**TASK ITEM:**
Reproduce the data below line by line, from its first line to the line with "Definition min_gen (S", both included, and nothing past that point.

::: DATA UNDER STUDY :::

(* Let $S$ be a numerical semigroup with multiplicity $e$ and blowup $B$. If ${\rm adj}(S)=\operatorname{Ap}(B;e)$ and $B$ is symmetric, then ${\rm d}_{\max}(S)=d(F(B)+e;B^{\mathcal D})$.
   Context: $S$ is a numerical semigroup (a submonoid of $\mathbb N$ with finite complement) with minimal generators $e<a_1<\dots<a_t$. An $S$-factorization of $n$ is $(c_0,\dots,c_t)\in\mathbb N^{t+1}$ with $c_0e+\sum c_ia_i=n$, of length $\sum c_i$. ${\rm ord}(n;S)$ is the maximal such length, ${\rm d}_{\max}(n;S)$ is the number of factorizations of maximal length, and ${\rm d}_{\max}(S)=\max_{n\in S}{\rm d}_{\max}(n;S)$. ${\rm adj}(S)=\{s-{\rm ord}(s;S)e:s\in S\}$. The blowup is $B=\langle e,d_1,\dots,d_t\rangle$ with $d_i=a_i-e$, and $\mathcal D=(e,d_1,\dots,d_t)$. $d(b;B^{\mathcal D})$ is the number of tuples $(x_0,\dots,x_t)\in\mathbb N^{t+1}$ with $x_0e+\sum x_id_i=b$. $\operatorname{Ap}(B;e)=\{w\in B:w-e\notin B\}$. $F(B)$ is the largest integer not in $B$. $B$ is symmetric if, whenever $x+y=F(B)$ with $x,y\in\mathbb Z$, exactly one of $x,y$ lies in $B$. *)

From mathcomp Require Import all_boot all_order all_algebra.
Set Implicit Arguments. Unset Strict Implicit. Unset Printing Implicit Defensive.
Import Order.TTheory GRing.Theory Num.Theory.

Definition num_semigroup (S : nat -> bool) : Prop :=
  [/\ S 0, (forall x y, S x -> S y -> S (x + y)) & exists N, forall n, N <= n -> S n].

Definition min_gen (S : nat -> bool) (x : nat) : Prop :=
  [/\ S x, 0 < x & ~ exists y z, [/\ S y, S z, 0 < y, 0 < z & x = y + z]].

Fixpoint tuples (k n : nat) : seq (seq nat) :=
  match k with
  | 0 => [:: [::]]
  | k'.+1 => [seq x :: t | x <- iota 0 n.+1, t <- tuples k' n]
  end.

Definition dot (c g : seq nat) : nat := sumn [seq p.1 * p.2 | p <- zip c g].

(* Factorizations (c_0,...,c_t) of n with respect to the generator tuple g
   (all generators positive, so every coordinate is <= n). *)
Definition facts (g : seq nat) (n : nat) : seq (seq nat) :=
  [seq c <- tuples (size g) n | dot c g == n].

Definition nrep (g : seq nat) (n : nat) : nat := size (facts g n).

Definition in_sg (g : seq nat) (n : nat) : bool := 0 < nrep g n.

Definition ord (g : seq nat) (n : nat) : nat := \max_(c <- facts g n) sumn c.

Definition dmax (g : seq nat) (n : nat) : nat :=
  count (fun c => sumn c == ord g n) (facts g n).

Definition is_dmax_S (S : nat -> bool) (g : seq nat) (v : nat) : Prop :=
  (exists2 n, S n & dmax g n = v) /\ (forall n, S n -> dmax g n <= v).

Definition adj (S : nat -> bool) (g : seq nat) (e x : nat) : Prop :=
  exists2 s, S s & x = s - ord g s * e.

Definition apery (B : nat -> bool) (e w : nat) : bool :=
  B w && ((e <= w) ==> ~~ B (w - e)).

(* generators of the blowup: (e, a_1 - e, ..., a_t - e) *)
Definition blowup_gens (e : nat) (a : seq nat) : seq nat :=
  e :: [seq x - e | x <- a].

Definition inZ (B : nat -> bool) (z : int) : bool :=
  match z with Posz n => B n | Negz _ => false end.

Definition is_frob (B : nat -> bool) (f : int) : Prop :=
  ~~ inZ B f /\ (forall z : int, (f < z)%R -> inZ B z).

Definition symmetric_sg (B : nat -> bool) (f : int) : Prop :=
  forall x y : int, (x + y)%R = f -> inZ B x != inZ B y.

(* d(b; B^D) extended by 0 to negative b *)
Definition nrepZ (g : seq nat) (b : int) : nat :=
  match b with Posz n => nrep g n | Negz _ => 0 end.

From mathcomp Require Import all_boot all_order all_algebra.
From mathcomp Require Import zify.
Set Implicit Arguments. Unset Strict Implicit. Unset Printing Implicit Defensive.

(* Write D = (e, a_1 - e, ..., a_t - e) and B = <D>.  A factorization
   (c_0, c') of n in S of length k gives the factorization (0, c') of
   n - k e in B, so d_max(n;S) <= d(n - ord(n;S) e; B^D), and n - ord(n;S) e
   lies in adj(S) = Ap(B;e).  For w := F(B) + e and r in Ap(B;e), symmetry
   puts w - r in B (as r - e is not), hence d(r;B^D) <= d(w;B^D).  Conversely
   every factorization of w in B has c_0 = 0 since w - e = F(B) is not in B;
   lifting these to length w factorizations of n := w + w e shows
   d_max(n;S) >= d(w;B^D), because no factorization of n is longer than w,
   again as w - e is not in B. *)

Lemma dot_cons x c y g : dot (x :: c) (y :: g) = x * y + dot c g.
Proof. by []. Qed.

Lemma dot_nseq0 k g : dot (nseq k 0) g = 0.
Proof. by elim: k g => [|k IH] [|y g] //=; rewrite dot_cons IH. Qed.

Lemma mem_tuples k n c :
  (c \in tuples k n) = (size c == k) && all (fun x => x <= n) c.
Proof.
elim: k c => [|k IH] [|x c] //; rewrite {1}/tuples -/tuples [RHS]/=.
  by apply/negbTE/negP => /allpairsP [[y t] [_ _ //]].
rewrite eqSS; apply/allpairsP/idP => [[[y t] [Hy Ht [-> ->]]]|].
  by move: Hy Ht; rewrite IH mem_iota ltnS => /= -> /andP[-> ->].
move=> /andP[Hs /andP[Hx Ha]]; exists (x, c).
by rewrite mem_iota ltnS Hx IH Hs Ha.
Qed.

Lemma uniq_tuples k n : uniq (tuples k n).
Proof.
elim: k => [|k IH] //; rewrite /tuples -/tuples.
apply: allpairs_uniq => //; first exact: iota_uniq.
by move=> [x t] [y u] _ _ /= [-> ->].
Qed.

Lemma sumn_le_dot c g : size c = size g -> all (fun y => 0 < y) g ->
  sumn c <= dot c g.
Proof.
elim: c g => [|x c IH] [|y g] //= [Hs] /andP[Hy Hg]; rewrite dot_cons.
by have := leq_pmulr x Hy; have := IH g Hs Hg; lia.
Qed.

Lemma entries_le_dot c g : size c = size g -> all (fun y => 0 < y) g ->
  all (fun x => x <= dot c g) c.
Proof.
elim: c g => [|x c IH] [|y g] //= [Hs] /andP[Hy Hg]; rewrite dot_cons.
apply/andP; split; first by have := leq_pmulr x Hy; lia.
by apply/allP => z /(allP (IH g Hs Hg)); lia.
Qed.

Lemma dot_submonoid (S : nat -> bool) c g : S 0 ->
  (forall x y, S x -> S y -> S (x + y)) -> all S g -> S (dot c g).
Proof.
move=> S0 SD; elim: c g => [|x c IH] [|y g] // /andP[Sy Sg].
rewrite dot_cons; apply: (SD) (IH g Sg).
by elim: x => [|x IHx] //; rewrite mulSn; apply: SD.
Qed.

Section Factorizations.
Variable g : seq nat.
Hypothesis g_pos : all (fun y => 0 < y) g.

Lemma mem_facts n c : (c \in facts g n) = (size c == size g) && (dot c g == n).
Proof.
rewrite mem_filter mem_tuples.
apply/idP/idP => [/andP[-> /andP[-> _]] //|/andP[/eqP Hs /eqP Hd]].
by rewrite Hd Hs !eqxx -Hd entries_le_dot.
Qed.

Lemma in_sgP n : reflect (exists c, c \in facts g n) (in_sg g n).
Proof.
rewrite /in_sg /nrep -has_predT.
by apply: (iffP hasP) => [[c Hc _]|[c Hc]]; exists c.
Qed.

Lemma size_facts n c : c \in facts g n -> size c = size g.
Proof. by rewrite mem_filter mem_tuples => /and3P[_ /eqP]. Qed.

Lemma uniq_facts n : uniq (facts g n).
Proof. exact/filter_uniq/uniq_tuples. Qed.

Definition addl (s t : seq nat) := [seq p.1 + p.2 | p <- zip s t].

Lemma addl_cons x s y t : addl (x :: s) (y :: t) = x + y :: addl s t.
Proof. by []. Qed.

Lemma size_addl s t : size s = size t -> size (addl s t) = size s.
Proof. by move=> Hst; rewrite size_map size1_zip ?Hst. Qed.

Lemma dot_addl s t h : size s = size h -> size t = size h ->
  dot (addl s t) h = dot s h + dot t h.
Proof.
elim: s t h => [|x s IH] [|y t] [|z h] // [H1] [H2].
by rewrite addl_cons !dot_cons IH // mulnDl; lia.
Qed.

Lemma addl_inj s t u : size s = size u -> size t = size u ->
  addl s u = addl t u -> s = t.
Proof.
elim: s t u => [|x s IH] [|y t] [|z u] // [H1] [H2]; rewrite !addl_cons => -[H3 H4].
by rewrite (IH t u H1 H2 H4); congr cons; lia.
Qed.

(* Adding a fixed factorization of y is injective on factorizations of x. *)
Lemma leq_nrep_addr x y : in_sg g y -> nrep g x <= nrep g (x + y).
Proof.
move=> /in_sgP[v]; rewrite mem_facts => /andP[/eqP Hv /eqP Hdv].
rewrite /nrep -(size_map (addl^~ v)); apply: uniq_leq_size.
  rewrite map_inj_in_uniq ?uniq_facts // => s t.
  by rewrite !mem_facts => /andP[/eqP Hs _] /andP[/eqP Ht _]; apply: addl_inj; rewrite Hv.
move=> z /mapP[s]; rewrite mem_facts => /andP[/eqP Hs /eqP Hds] ->.
by rewrite mem_facts size_addl ?Hs ?Hv // dot_addl // Hds Hdv !eqxx.
Qed.

Lemma in_sgD x y : in_sg g x -> in_sg g y -> in_sg g (x + y).
Proof. by move=> Hx Hy; apply: leq_trans Hx (leq_nrep_addr x Hy). Qed.

Lemma in_sg_of_dmax n : 0 < dmax g n -> in_sg g n.
Proof. by move/leq_trans; apply; apply: count_size. Qed.

Lemma in_submonoid (S : nat -> bool) n : S 0 ->
  (forall x y, S x -> S y -> S (x + y)) -> all S g -> in_sg g n -> S n.
Proof.
move=> S0 SD Sg /in_sgP[c]; rewrite mem_facts => /andP[_ /eqP <-].
exact: dot_submonoid.
Qed.

End Factorizations.

Lemma in_sg_mul_head x g m : all (fun y => 0 < y) (x :: g) ->
  in_sg (x :: g) (m * x).
Proof.
move=> Hg; apply/in_sgP; exists (m :: nseq (size g) 0).
by rewrite mem_facts // dot_cons dot_nseq0 addn0 /= size_nseq !eqxx.
Qed.

Lemma frob_add_apery (B : nat -> bool) F e : is_frob B F -> 0 < e ->
  exists2 w, (F + e%:Z)%R = Posz w & apery B e w.
Proof.
move=> [BF Bgt] e0; have : inZ B (F + e%:Z) by apply: Bgt; lia.
case Fe: (F + e%:Z)%R => [w|w] //= Bw; exists w => //.
rewrite /apery Bw; apply/implyP => ew.
have Fw : F = Posz (w - e) by lia.
by rewrite Fw in BF.
Qed.

Lemma apery_symmetric_sub (B : nat -> bool) F e w r : symmetric_sg B F ->
  (F + e%:Z)%R = Posz w -> apery B e r -> r <= w /\ B (w - r).
Proof.
move=> Bsym Fw /andP[_ Br].
have Nre : inZ B (r%:Z - e%:Z) = false.
  case: (leqP e r) => er; last by have -> : (r%:Z - e%:Z)%R = Negz (e - r).-1 by lia.
  have -> : (r%:Z - e%:Z)%R = Posz (r - e) by lia.
  exact: negbTE (implyP Br er).
have Fsplit : (r%:Z - e%:Z + (w%:Z - r%:Z))%R = F by lia.
have : inZ B (w%:Z - r%:Z) by have := Bsym _ _ Fsplit; rewrite Nre; case: inZ.
case: (leqP r w) => rw; last by have -> : (w%:Z - r%:Z)%R = Negz (r - w).-1 by lia.
by have -> : (w%:Z - r%:Z)%R = Posz (w - r) by lia.
Qed.

Lemma nrep_le_apery g F e w r : all (fun y => 0 < y) g ->
  symmetric_sg (in_sg g) F -> (F + e%:Z)%R = Posz w -> apery (in_sg g) e r ->
  nrep g r <= nrep g w.
Proof.
move=> g_pos Bsym Fw Ar; have [rw Bwr] := apery_symmetric_sub Bsym Fw Ar.
by rewrite -(subnKC rw); apply: leq_nrep_addr.
Qed.

Section Blowup.
Variables (e : nat) (a : seq nat).
Hypotheses (e_gt0 : 0 < e) (a_gt_e : all (fun x => e < x) a).
Local Notation D := (blowup_gens e a).
Local Notation B := (in_sg (blowup_gens e a)).

Lemma blowup_gens_pos : all (fun y => 0 < y) D.
Proof. by rewrite /= e_gt0 all_map; apply: sub_all a_gt_e => x /=; rewrite subn_gt0. Qed.

Lemma gens_pos : all (fun y => 0 < y) (e :: a).
Proof. by rewrite /= e_gt0; apply: sub_all a_gt_e => x /=; apply: leq_ltn_trans. Qed.

Lemma dot_blowup cs : size cs = size a ->
  dot cs a = dot cs [seq x - e | x <- a] + sumn cs * e.
Proof.
elim: cs a a_gt_e => [|x cs IH] [|y a'] //= /andP[ey a'e] [Hs].
rewrite !dot_cons (IH a' a'e Hs) -[in LHS](subnK (ltnW ey)) mulnDr mulnDl; lia.
Qed.

Lemma facts_blowup n c : c \in facts (e :: a) n ->
  0 :: behead c \in facts D (n - sumn c * e) /\ sumn c * e <= n.
Proof.
rewrite mem_facts ?gens_pos //; case: c => [|x cs] // /andP[/eqP[Hs] /eqP <-].
rewrite dot_cons (dot_blowup Hs) mem_facts ?blowup_gens_pos //= size_map Hs.
by rewrite dot_cons /= mulnDl; split; [apply/eqP; lia | lia].
Qed.

Lemma lift_facts_blowup w K cs : 0 :: cs \in facts D w -> sumn cs <= K ->
  (K - sumn cs) :: cs \in facts (e :: a) (w + K * e).
Proof.
rewrite !mem_facts ?blowup_gens_pos ?gens_pos //= size_map dot_cons.
move=> /andP[/eqP[Hs] /eqP <-] csK; rewrite Hs eqxx dot_cons (dot_blowup Hs).
by rewrite -[in K * e](subnK csK) mulnDl; apply/eqP; lia.
Qed.

Lemma dmax_le_nrep n : dmax (e :: a) n <= nrep D (n - ord (e :: a) n * e).
Proof.
rewrite /dmax -size_filter /nrep -(size_map (fun c => 0 :: behead c)).
apply: uniq_leq_size.
  rewrite map_inj_in_uniq; first exact/filter_uniq/uniq_facts.
  move=> c1 c2; rewrite [c1 \in _]mem_filter [c2 \in _]mem_filter.
  move=> /andP[/eqP k1 /size_facts s1] /andP[/eqP k2 /size_facts s2].
  case: c1 c2 k1 k2 s1 s2 => [|x1 cs1] [|x2 cs2] //= k1 k2 _ _ [E].
  by move: k1 k2; rewrite E => <- k; congr cons; lia.
move=> z /mapP[c]; rewrite mem_filter => /andP[/eqP <- /facts_blowup[Hc _]] ->.
exact: Hc.
Qed.

Lemma apery_facts_head0 w x : apery B e w -> x \in facts D w -> x = 0 :: behead x.
Proof.
move=> /andP[_ Aw]; rewrite mem_facts ?blowup_gens_pos //.
case: x => [|[|x0] xs] //= /andP[/eqP[Hs] /eqP]; rewrite dot_cons mulSn => Hw.
have ew : e <= w by lia.
case/negP: (implyP Aw ew); apply/in_sgP; exists (x0 :: xs).
by rewrite mem_facts ?blowup_gens_pos //= Hs dot_cons eqxx; apply/eqP; lia.
Qed.

Lemma facts_length_le_apery w K c : apery B e w ->
  c \in facts (e :: a) (w + K * e) -> sumn c <= K.
Proof.
move=> /andP[_ Aw] /facts_blowup[Bn kn].
rewrite leqNgt; apply/negP => Kk; set k := sumn c in Bn kn Kk.
have ke : k * e = K * e + (k - K.+1) * e + e.
  by rewrite -[in LHS](subnKC Kk) mulnDl mulSn; lia.
have ew : e <= w by lia.
have Ewe : w + K * e - k * e + (k - K.+1) * e = w - e by lia.
case/negP: (implyP Aw ew); rewrite -Ewe.
apply: (in_sgD blowup_gens_pos); first by apply/in_sgP; exists (0 :: behead c).
exact: in_sg_mul_head blowup_gens_pos.
Qed.

Lemma nrep_le_dmax_apery w K : apery B e w -> w <= K ->
  nrep D w <= dmax (e :: a) (w + K * e).
Proof.
move=> Aw wK; pose lift x := (K - sumn (behead x)) :: behead x.
have lift_facts x : x \in facts D w ->
    lift x \in facts (e :: a) (w + K * e) /\ sumn (lift x) = K.
  move=> Hx; have Ex := apery_facts_head0 Aw Hx; rewrite Ex in Hx.
  have xK : sumn (behead x) <= K.
    apply: leq_trans wK; move: (Hx); rewrite mem_facts ?blowup_gens_pos //.
    move=> /andP[/eqP Hs /eqP <-]; exact: (sumn_le_dot Hs blowup_gens_pos).
  by split; [apply: lift_facts_blowup | rewrite /= subnK].
have ordK : ord (e :: a) (w + K * e) = K.
  apply/eqP; rewrite eqn_leq; apply/andP; split.
    by apply/bigmax_leqP_seq => c Hc _; apply: facts_length_le_apery Aw Hc.
  have /in_sgP[x Hx] := (andP Aw).1.
  have [Hl lK] := lift_facts x Hx.
  by rewrite -{1}lK; apply: leq_bigmax_seq Hl _.
rewrite /dmax -size_filter /nrep -(size_map lift); apply: uniq_leq_size.
  rewrite map_inj_in_uniq ?uniq_facts // => x y Hx Hy [_ Exy].
  by rewrite (apery_facts_head0 Aw Hx) (apery_facts_head0 Aw Hy) Exy.
move=> z /mapP[x Hx ->]; have [H1 H2] := lift_facts x Hx.
by rewrite mem_filter ordK H2 eqxx H1.
Qed.

End Blowup.

Theorem corollary4p5 (S : nat -> bool) (e : nat) (a : seq nat) (F : int) :
  num_semigroup S ->
  sorted ltn (e :: a) ->
  (forall x, x \in e :: a <-> min_gen S x) ->
  is_frob (in_sg (blowup_gens e a)) F ->
  (forall x, adj S (e :: a) e x <-> apery (in_sg (blowup_gens e a)) e x) ->
  symmetric_sg (in_sg (blowup_gens e a)) F ->
  is_dmax_S S (e :: a) (nrepZ (blowup_gens e a) (F + (e : int))%R).
Proof.
move=> [S0 SD _] sorted_gens gensS frobB adjS symB.
have [_ e_gt0 _] := (gensS e).1 (mem_head _ _).
have a_gt_e : all (fun x => e < x) a := order_path_min ltn_trans sorted_gens.
have [w Fw Aw] := frob_add_apery frobB e_gt0; rewrite Fw.
have dmax_le n : S n -> dmax (e :: a) n <= nrep (blowup_gens e a) w.
  move=> Sn; apply: leq_trans (dmax_le_nrep e_gt0 a_gt_e n) _.
  apply: nrep_le_apery (blowup_gens_pos e_gt0 a_gt_e) symB Fw _.
  by apply/adjS; exists n.
have le_dmax := nrep_le_dmax_apery e_gt0 a_gt_e Aw (leqnn w).
have Sn : S (w + w * e).
  apply: (in_submonoid (gens_pos e_gt0 a_gt_e) S0 SD).
    by apply/allP => x /gensS[].
  exact/in_sg_of_dmax/(leq_trans (andP Aw).1 le_dmax).
split=> //; exists (w + w * e) => //.
by apply/eqP; rewrite eqn_leq dmax_le.
Qed.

:::

**RESPONSE TO THE TASK:**
(* Let $S$ be a numerical semigroup with multiplicity $e$ and blowup $B$. If ${\rm adj}(S)=\operatorname{Ap}(B;e)$ and $B$ is symmetric, then ${\rm d}_{\max}(S)=d(F(B)+e;B^{\mathcal D})$.
   Context: $S$ is a numerical semigroup (a submonoid of $\mathbb N$ with finite complement) with minimal generators $e<a_1<\dots<a_t$. An $S$-factorization of $n$ is $(c_0,\dots,c_t)\in\mathbb N^{t+1}$ with $c_0e+\sum c_ia_i=n$, of length $\sum c_i$. ${\rm ord}(n;S)$ is the maximal such length, ${\rm d}_{\max}(n;S)$ is the number of factorizations of maximal length, and ${\rm d}_{\max}(S)=\max_{n\in S}{\rm d}_{\max}(n;S)$. ${\rm adj}(S)=\{s-{\rm ord}(s;S)e:s\in S\}$. The blowup is $B=\langle e,d_1,\dots,d_t\rangle$ with $d_i=a_i-e$, and $\mathcal D=(e,d_1,\dots,d_t)$. $d(b;B^{\mathcal D})$ is the number of tuples $(x_0,\dots,x_t)\in\mathbb N^{t+1}$ with $x_0e+\sum x_id_i=b$. $\operatorname{Ap}(B;e)=\{w\in B:w-e\notin B\}$. $F(B)$ is the largest integer not in $B$. $B$ is symmetric if, whenever $x+y=F(B)$ with $x,y\in\mathbb Z$, exactly one of $x,y$ lies in $B$. *)

From mathcomp Require Import all_boot all_order all_algebra.
Set Implicit Arguments. Unset Strict Implicit. Unset Printing Implicit Defensive.
Import Order.TTheory GRing.Theory Num.Theory.

Definition num_semigroup (S : nat -> bool) : Prop :=
  [/\ S 0, (forall x y, S x -> S y -> S (x + y)) & exists N, forall n, N <= n -> S n].

Definition min_gen (S : nat -> bool) (x : nat) : Prop :=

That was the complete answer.